Exercise details – When you reach the line containing "From Coquelicot Require Import Coquelicot." in the records below, start copying exactly, and stop once you have copied the line containing "sqrt z = sqrt((|z|".

[Saved data entries]
(* Let $0<k_1<k_2$, $d>0$, and assume $2d\sqrt{k_2^2-k_1^2}\neq n\pi$ for every positive integer $n$. Consider the equation $W(\xi,\delta)=0$ for $\xi\in\mathbb{R}$ and $\delta\ge0$ (where $\delta=0$ means $\delta=0^+$). Its solutions are finitely many points $\{\pm\xi_n:\ n=1,\dots,N\}$, all occurring with $\delta=0^+$, each a simple zero of $\xi\mapsto W(\xi,0^+)$, and satisfying $k_1<|\xi_n|<k_2$; there are no other solutions. Moreover $N\ge1$, i.e. there is at least one nontrivial solution of $W(\xi,0^+)=0$.
   Context: Let $q(x)=(k_2^2-k_1^2)\chi_{[-d,d]}(x)$. The square root $\sqrt{z}$ is the principal branch on $\mathbb{C}\setminus(-\infty,0]$, positive on $(0,\infty)$. For $\xi\in\mathbb{R}$, $\delta>0$, let $u_\pm(\xi,\delta;\cdot)$ be the solutions of $u''+(k_1^2+q(x)-\xi^2+i\delta)u=0$ (with $u,u'$ continuous) determined by $u_\pm(\xi,\delta;x)=e^{\pm ix\sqrt{k_1^2-\xi^2+i\delta}}$ for $\pm x>d$; $u_\pm(\xi,0^+;\cdot)$ denotes the limit as $\delta\to0^+$ (so $\sqrt{k_1^2-\xi^2}$ is replaced by $i\sqrt{\xi^2-k_1^2}$ when $|\xi|>k_1$). The Wronskian is $W(\xi,\delta)=u_-\partial_xu_+-u_+\partial_xu_-$ (independent of $x$), and $W(\xi,0^+)=\lim_{\delta\to0^+}W(\xi,\delta)$. *)

From Stdlib Require Import Reals.
From Coquelicot Require Import Coquelicot.
Open Scope R_scope.

Definition Cexp (z : C) : C :=
  (exp (Re z) * cos (Im z), exp (Re z) * sin (Im z)).

(* Principal square root on C \ (-oo,0]:
   sqrt z = sqrt((|z| + Re z)/2) + i sgn(Im z) sqrt((|z| - Re z)/2),
   positive on (0,oo).  (Its value on (-oo,0] is irrelevant here:
   it is only ever applied with Im z = delta > 0.) *)
Definition Csqrt (z : C) : C :=
  (sqrt ((Cmod z + Re z) / 2),
   (if Rle_dec 0 (Im z) then 1 else -1) * sqrt ((Cmod z - Re z) / 2)).

Definition q (k1 k2 d : R) (x : R) : R :=
  if Rle_dec (- d) x then (if Rle_dec x d then k2 ^ 2 - k1 ^ 2 else 0) else 0.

Expected answer –
From Coquelicot Require Import Coquelicot.
Open Scope R_scope.

Definition Cexp (z : C) : C :=
  (exp (Re z) * cos (Im z), exp (Re z) * sin (Im z)).

(* Principal square root on C \ (-oo,0]:
   sqrt z = sqrt((|z| + Re z)/2) + i sgn(Im z) sqrt((|z| - Re z)/2),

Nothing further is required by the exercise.